Pipeline phase this pattern belongs to.

tree: tuple[type[Module] | UnionType | Callable[[Node], bool] | Wildcard, ...] | Fork = (<class 'embedl_deploy._internal.tensorrt.modules.attention.ScaledDotProductAttention'>,)#

The pattern topology to match, if using tree-based matching.

class embedl_deploy.tensorrt.patterns.StemConvBNActMaxPoolPattern[source]#

Bases: Pattern

Match Conv2d(3in, 7×7) [BatchNorm2d] Activation MaxPool2d.

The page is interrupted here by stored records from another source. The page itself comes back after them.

(* Let $A$ be a real $m\times n$ matrix, $\mathbf b\in\mathbb R^m$, $\mathbf c\in\mathbb R^n$ (row vector), such that the linear program $\max\mathbf c\mathbf x$ s.t. $A\mathbf x\le\mathbf b$, $\mathbf x\ge0$ has unique optimal primal and dual solutions $\mathbf x^*$, $\mathbf y^*$. Then for every primal feasible $\mathbf x$, \[ \|\mathbf x_{\bar U}\|\le\frac{\mathbf c(\mathbf x^*-\mathbf x)}{\beta_D(A,\mathbf b,\mathbf c)}. \]
   Context: The dual is $\min\mathbf y\mathbf b$ s.t. $\mathbf yA\ge\mathbf c$, $\mathbf y\ge0$. $U=\{i:x^*_i>0\}$, $\bar U$ its complement in $\{1,\dots,n\}$, $\mathbf x_{\bar U}$ the restriction of $\mathbf x$ to coordinates in $\bar U$, and $\beta_D(A,\mathbf b,\mathbf c)=\min_{i\in\bar U}(\mathbf y^*A_{:,i}-c_i)$, with $A_{:,i}$ the $i$th column of $A$. $\|\cdot\|$ is the Euclidean norm. *)

From mathcomp Require Import all_boot all_order all_algebra.
From mathcomp Require Import reals.
Set Implicit Arguments. Unset Strict Implicit. Unset Printing Implicit Defensive.
Import Order.TTheory GRing.Theory Num.Theory.
Local Open Scope ring_scope.

Section LP.
Variables (R : realType) (m n : nat).
Variables (A : 'M[R]_(m, n)) (b : 'cV[R]_m) (c : 'rV[R]_n).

Captures the common classification-network stem. The convolution is constrained to in_channels == 3, kernel_size == (7, 7) so only the actual stem is matched, not arbitrary Conv→Act→Pool chains. The BatchNorm2d is optional.

graft#

alias of FusedConvBNActMaxPool

phase: Phase = 'fusion'#

Pipeline phase this pattern belongs to.

tree: tuple[type[Module] | UnionType | Callable[[Node], bool] | Wildcard, ...] | Fork = (<function _is_stem_conv>, Wildcard(check=<class 'torch.nn.modules.batchnorm.BatchNorm2d'>, quantifier='?', nodes=()), torch.nn.modules.activation.ReLU | torch.nn.modules.activation.ReLU6 | torch.nn.modules.activation.GELU | torch.nn.modules.activation.SiLU | torch.nn.modules.activation.Mish | torch.nn.modules.activation.Hardswish | torch.nn.modules.activation.Hardsigmoid | torch.nn.modules.activation.LeakyReLU | torch.nn.modules.activation.PReLU | torch.nn.modules.activation.ELU | torch.nn.modules.activation.Sigmoid | torch.nn.modules.activation.Tanh, <class 'torch.nn.modules.pooling.MaxPool2d'>)#

The pattern topology to match, if using tree-based matching.